She’s still a searing judge of character, the way she strips an ex-lover down on ‘Bauble on a Chain’ is not so much a ‘fuck you’ as a ‘fuck me for falling for it’. For real people grief can make you difficult, morose, hard to be around. God forbid, ‘negative’.  But when you can turn it into a kind of art it also makes you attractive to people who want to seem deep and understanding.
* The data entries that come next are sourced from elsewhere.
Lemma preserves_BJ_norm_ratio_Dini (u w : X) : 0 < `|u| -> preserves_BJ_at T u ->
  forall e, 0 < e -> exists2 d, 0 < d & forall h, 0 < h < d ->
    `|T u| / `|u| - e * h <= `|T (u + h *: w)| / `|u + h *: w|.
Proof.
move=> u0 Tu e e0.
set N := `|u| in u0 *; set r := `|T u| / N.
have r0 : 0 <= r by rewrite /r divr_ge0 // ltW.
set eps := e * N / (2 * (r + 1)).
have eps0 : 0 < eps by rewrite /eps divr_gt0 ?mulr_gt0 //; lra.
have r_eps : (r + 1) * eps = e * N / 2 by rewrite /eps; field; lra.
have [s0 s00 near_u] := norm_addZ_le u w eps0.
have w0 : 0 < 2 * (`|w| + 1) by rewrite mulr_gt0 // ltr_pwDr.
exists (Num.min s0 (N / (2 * (`|w| + 1)))); first by rewrite lt_min s00 divr_gt0.
move=> h /andP[h0]; rewrite lt_min => /andP[hs hN].
have := near_u h; rewrite h0 ltW //= -/N => /(_ isT) up.
have := preserves_BJ_norm_ge w u0 Tu h0; rewrite -/N -/r => low.
have hw : h * (2 * (`|w| + 1)) < N by rewrite -ltr_pdivlMr.
have Nh : N / 2 <= `|u + h *: w|.
  have := ler_normB (u + h *: w) (h *: w); rewrite addrK normrZ gtr0_norm // -/N => ?.
  lra.
rewrite ler_pdivlMr; last lra.
have F1 : r * (`|u + h *: w| - h * eps) <= r * (N + h * norm_rderiv u w).
  by apply: ler_wpM2l => //; lra.
have F2 := ler_wpM2l (ltW e0) Nh.
have F3 : h * (r * eps) <= h * (e * `|u + h *: w|) by apply: ler_wpM2l; [exact: ltW | lra].
lra.
Qed.

End PreservingOperator.

Lemma continuous_line (R : realType) (X : normedModType R) (x w : X) :
  continuous (fun s : R => x + s *: w).
Proof.
by move=> s; apply: cvgD; [exact: cvg_cst | apply: cvgZ; [exact: cvg_id | exact: cvg_cst]].
Qed.

Lemma continuous_norm_line (R : realType) (X : normedModType R) (f : X -> X) (x w : X) :
  continuous f -> continuous (fun s : R => `|f (x + s *: w)|).
Proof.
move=> f_cont t; apply: cvg_norm.
exact: cvg_comp _ _ (@continuous_line _ _ x w t) (f_cont _).
Qed.

Section RightDini.
Variables (R : realType) (g : R -> R).
Hypothesis g_cont : forall t, 0 <= t <= 1 -> {for t, continuous g}.
Hypothesis g_Dini : forall t, 0 <= t < 1 -> forall e, 0 < e -> exists2 d, 0 < d &
  forall h, 0 < h < d -> g t - e * h <= g (t + h).

Section RightDiniApprox.
Variables (e : R).
Hypothesis e0 : 0 < e.

Let good t := t <= 1 /\ forall s, 0 <= s <= t -> g 0 - e * s <= g s.

Let good0 : good 0.
Proof.
split=> [|s]; first exact: ler01.
by rewrite -eq_le => /eqP <-; rewrite mulr0 subr0.
Qed.

Let has_sup_good : has_sup good.
Proof. by split; [exists 0 | exists 1 => t []]. Qed.

Let S := sup good.

Let S_ge0 : 0 <= S.
Proof. exact: sup_upper_bound has_sup_good _ good0. Qed.

Let S_le1 : S <= 1.
Proof. by apply: ge_sup; [case: has_sup_good | move=> t []]. Qed.

Let good_below s : 0 <= s < S -> g 0 - e * s <= g s.
Proof.
move=> /andP[s0 sS].
have Ss : 0 < S - s by rewrite subr_gt0.
have [t [_ gt] St] := sup_adherent Ss has_sup_good.
by apply: gt; rewrite s0 ltW //; move: St; rewrite -/S opprB addrC subrK.
Qed.

(* The defining inequality passes to [S] by continuity of [g] from the left. *)
Let good_S : good S.
Proof.
split=> // s /andP[s0]; rewrite le_eqVlt => /predU1P[->|sS]; last exact/good_below/andP.
have [->|S_neq0] := eqVneq S 0; first by rewrite mulr0 subr0.
have S_gt0 : 0 < S by rewrite lt_neqAle eq_sym S_neq0 S_ge0.
have gap_cont : (fun t => g t - (g 0 - e * t)) @ S^'- --> g S - (g 0 - e * S).
  apply: cvg_at_left_filter; apply: cvgB; first by apply: g_cont; rewrite S_ge0 S_le1.
  by apply: cvgB; [exact: cvg_cst | apply: cvgM; [exact: cvg_cst | exact: cvg_id]].
rewrite -subr_ge0; apply: (closed_cvg [set x : R | 0 <= x] (@closed_ge R 0) _ _ gap_cont).
near=> t; rewrite /= subr_ge0; apply: good_below; apply/andP; split.
  by near: t; apply: nbhs_left_ge.
by near: t; apply: nbhs_left_lt.
Unshelve. all: by end_near.
Qed.

(* If [S < 1], the Dini condition at [S] pushes the good interval beyond [S]. *)
Let S_eq1 : S = 1.
Proof.
apply/eqP; rewrite eq_le S_le1 leNgt; apply/negP => S1.
have [d d0 Dini_S] : exists2 d, 0 < d & forall h, 0 < h < d -> g S - e * h <= g (S + h).
  by apply: g_Dini; rewrite ?S_ge0.
set m := Num.min d (1 - S).
have m0 : 0 < m by rewrite lt_min d0 subr_gt0 S1.
have := le_min m d (1 - S); rewrite lexx => /esym/andP[md mS].
suff : good (S + m / 2) by move/(sup_upper_bound has_sup_good); rewrite -/S; lra.
split=> [|s /andP[s0 sSm]]; first lra.
have [sS|Ss] := leP s S; first by apply: good_S.2; rewrite s0.
have := Dini_S (s - S); rewrite [S + _]addrC subrK => Dini_s.
have := good_S.2 S; rewrite S_ge0 lexx => /(_ isT) gS.
have : g S - e * (s - S) <= g s by apply: Dini_s; apply/andP; split; lra.
lra.
Qed.

Lemma right_Dini_approx : g 0 - e <= g 1.
Proof. by have [_] := good_S; rewrite S_eq1 => /(_ 1); rewrite mulr1 ler01 lexx; apply. Qed.

End RightDiniApprox.

Lemma right_Dini_le01 : g 0 <= g 1.
Proof. by apply/ler_addgt0Pr => e e0; have := right_Dini_approx e0; lra. Qed.

End RightDini.

Section OffKernel.
Variables (R : realType) (X : normedModType R) (phi : X -> R) (T : X -> X).
Hypotheses (phi_lin : is_linear_fun (phi : X -> R^o)) (T_lin : is_linear_fun T).

Let phiZ (a : R) (x : X) : phi (a *: x) = a * phi x := linfunZ phi_lin a x.

Lemma preserves_BJ_off_kernel (c : R) : c != 0 ->
  (forall x, phi x = c -> preserves_BJ_at T x) ->
  forall x, phi x != 0 -> preserves_BJ_at T x.
Proof.
move=> c0 T_pres x px v xv; set k := c / phi x.
have k0 : k != 0 by rewrite mulf_neq0 ?invr_neq0.
have pk : phi (k *: x) = c by rewrite phiZ /k divfK.
have := T_pres _ pk v; rewrite linfunZ // !BJ_orthZl //; exact.
Qed.

Hypothesis T_cont : continuous T.
Hypothesis T_pres : forall x, phi x != 0 -> preserves_BJ_at T x.

(* The segment from [x] to [y] avoids the kernel, so [right_Dini_le01] applies along it. *)
Lemma norm_ratio_le_same_side (x y : X) : 0 < phi x * phi y ->
  `|T x| / `|x| <= `|T y| / `|y|.
Proof.
move=> xy; set w := y - x.
pose g t := `|T (x + t *: w)| / `|x + t *: w|.
have phi_seg t : 0 <= t <= 1 -> phi (x + t *: w) != 0.
  move=> /andP[t0 t1].
  have -> : phi (x + t *: w) = (1 - t) * phi x + t * phi y.
    by rewrite linfunD // phiZ /w linfunD // linfunN //; ring.
  suff : 0 < phi x * ((1 - t) * phi x + t * phi y).
    by apply: contraTneq => ->; rewrite mulr0 ltxx.
  have [t_lt1|t_ge1] := ltP t 1; last first.
    have -> : t = 1 by apply/eqP; rewrite eq_le t1 t_ge1.
    by rewrite subrr mul0r add0r mul1r.
  have px : phi x != 0 by apply: contraTneq xy => ->; rewrite mul0r ltxx.
  have : 0 < (1 - t) * (phi x * phi x).
    by rewrite mulr_gt0 ?subr_gt0 // -expr2 exprn_even_gt0.
  have : 0 <= t * (phi x * phi y) by rewrite mulr_ge0 // ltW.
  lra.
have seg_neq0 t : 0 <= t <= 1 -> x + t *: w != 0.
  by move=> /phi_seg; apply: contra_neq => ->; rewrite linfun0.
have -> : `|T x| / `|x| = g 0 by rewrite /g scale0r addr0.
have -> : `|T y| / `|y| = g 1 by rewrite /g scale1r /w addrC subrK.
apply: right_Dini_le01 => [t /seg_neq0 seg_t|t /andP[t0 t1] e e0].
  apply: cvgM; first exact: continuous_norm_line.
  apply: cvgV; first by rewrite normr_eq0.
  exact: (@continuous_norm_line _ _ id x w (fun y => cvg_id)).
have t01 : 0 <= t <= 1 by rewrite t0 ltW.
have seg_gt0 : 0 < `|x + t *: w| by rewrite normr_gt0 seg_neq0.
have [d d0 Dini] :=
  preserves_BJ_norm_ratio_Dini T_lin w seg_gt0 (T_pres (phi_seg _ t01)) e0.
by exists d => // h /Dini; rewrite /g scalerDl addrA.
Qed.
Chadwick sees through this – on that song her lover reveals themselves as wanting something a lot prettier than anything she’s got to offer;  ‘you want a prop with only lines / that ask your favourite things to eat / and then enquire about your day’. And she’s realising how this all sounds even as she’s singing it ‘when I describe it / this has no semblance to love after all’. That familiar feeling coming to the end of a relationship or friendship and wondering what the hell that was.

All her world-weary knowingness is stripped away in the heartbreaking ballad ‘Five Months’ with its almost childlike rhymes ‘five months without you is too long / so come back when you hear this song’. This is one of the few songs on the album where it doesn’t seem like Chadwick is commenting on her own feelings while she’s singing about them. Every now and then she’s slip in some reference to second-guessing if she should be making these big statements, like in opening track ‘Flow Over Me’s’ lines; ‘some of us can take it / some of us don’t make it/ some of us are fakers only ever be heart breakers’ and ‘all tied up inside my mother / never really knew my father / this is boring to you’, but ‘Five Months’ she gives in to naked wishful thinking. It’s a delicate song, a dream world this close to falling apart.
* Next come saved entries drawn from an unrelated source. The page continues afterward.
(* A face cut out by a maximal chain of tight inequalities is a single point. *)
Lemma tight_chain_vertex w x : schubitope D x ->
  (forall t, tight x (wprefix w t)) -> is_vertex (schubitope D) x.
Proof.
move=> Px tight_x; split=> // y z c /schubitopeP[le_y _] /schubitopeP[le_z _] c0 c1 xE.
apply: (@eq_row_wprefix w) => t; set W := wprefix w t.
have := xsum_convex y z c W; rewrite -xE (eqP (tight_x t)).
have := le_y W; have := le_z W; nra.
Qed.

Lemma xw_vertex w : is_vertex (schubitope D) (xw R D w).
Proof. exact: tight_chain_vertex (xw_in_schubitope w) (tight_xw_wprefix w). Qed.

End Schubitope.

Section TightSets.
Variables (R : realType) (n : nat) (D : diagram n) (x : 'rV[R]_n).
Hypothesis Px : schubitope D x.
Implicit Types (S T : {set 'I_n}).

Lemma tightUI S T : tight D x S -> tight D x T -> tight D x (S :|: T) && tight D x (S :&: T).
Proof.
move=> /eqP tS /eqP tT; have [le_x _] := (schubitopeP D x).1 Px.
have := theta_submod D S T; rewrite -(ler_nat R) !natrD.
have := xsumUI x S T; have := le_x (S :|: T); have := le_x (S :&: T); rewrite tS tT.
by move=> *; apply/andP; split; apply/eqP; lra.
Qed.

Lemma tight_bigcup (I : finType) (P : pred I) (F : I -> {set 'I_n}) :
  (forall i, P i -> tight D x (F i)) -> tight D x (\bigcup_(i | P i) F i).
Proof.
move=> tF; apply: (big_ind (tight D x)) => // [|S T tS tT]; last by case/andP: (tightUI tS tT).
by rewrite /tight /xsum big_set0 theta0.
Qed.

Lemma tight_bigcap (I : finType) (P : pred I) (F : I -> {set 'I_n}) :
  (forall i, P i -> tight D x (F i)) -> tight D x (\bigcap_(i | P i) F i).
Proof.
move=> tF; apply: (big_ind (tight D x)) => // [|S T tS tT]; last by case/andP: (tightUI tS tT).
exact: ((schubitopeP D x).1 Px).2.
Qed.
Lemma gset_iso_sum S S' T T' :
  gset_iso S S' -> gset_iso T T' -> gset_iso (gsum S T) (gsum S' T').
Proof.
case=> f [f' [fK [f'K feq]]] [h [h' [hK [h'K heq]]]].
exists (fun x => match x with inl s => inl (f s) | inr t => inr (h t) end).
exists (fun x => match x with inl s => inl (f' s) | inr t => inr (h' t) end).
split; [|split].
- by case=> x /=; rewrite ?fK ?hK.
- by case=> x /=; rewrite ?f'K ?h'K.
- by move=> g [s|t] /=; rewrite ?feq ?heq.
Qed.

Lemma gset_iso_empty S T : (S -> False) -> (T -> False) -> gset_iso S T.
Proof.
move=> S0 T0; exists (fun s => False_rect _ (S0 s)), (fun t => False_rect _ (T0 t)).
by split; [move=> s|split; [move=> t|move=> g s]]; [case: (S0 s)|case: (T0 t)|case: (S0 s)].
Qed.

Lemma gscaleS_iso n S : gset_iso (gscale n.+1 S) (gsum (gscale n S) S).
Proof.
exists (fun x : S * 'I_n.+1 => match unlift ord_max x.2 with
   Some j => @inl (S * 'I_n) S (x.1, j) | None => inr x.1 end).
exists (fun x : (S * 'I_n) + S => match x with
   inl y => (y.1, lift ord_max y.2) | inr s => (s, ord_max) end).
split; [|split].
- by move=> [s i] /=; case: unliftP => [j ->|->].
- by case=> [[s j]|s] /=; rewrite ?liftK ?unlift_none.
- by move=> g [s i] /=; case: unliftP.
Qed.

Lemma equivariant_inl S T : equivariant (inl : S -> gsum S T).
Proof. by []. Qed.
Lemma equivariant_inr S T : equivariant (inr : T -> gsum S T).
Proof. by []. Qed.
I go back and forth over whether there’s something to take from this record. I don’t think there has to be, I think as a thing, as a document from a person who’s gone through more than any of us have or probably ever will, it’s beautiful and worthy and basically above analysis. But maybe there’s a hint in ‘Wind Wool’s slowly lilting piano ballad of fighting your own brain, giving up, memory and friendship. It’s one of the record’s shortest and simplest songs, and gives us the line ‘I’ll die/ you died/ we die’. But she also seems to rally something close to a knowing smile in ‘some people think skies should be blue all the time but me I love a storm.’ Maybe this is the sentiment that us great fetishists of sorrow identify, or desperately want to identify with, that feeling of getting a little thrill as the dark clouds gather, to love that cleansing destruction of a good hard rain.

Buy the record or forever live with that nagging feeling of regret.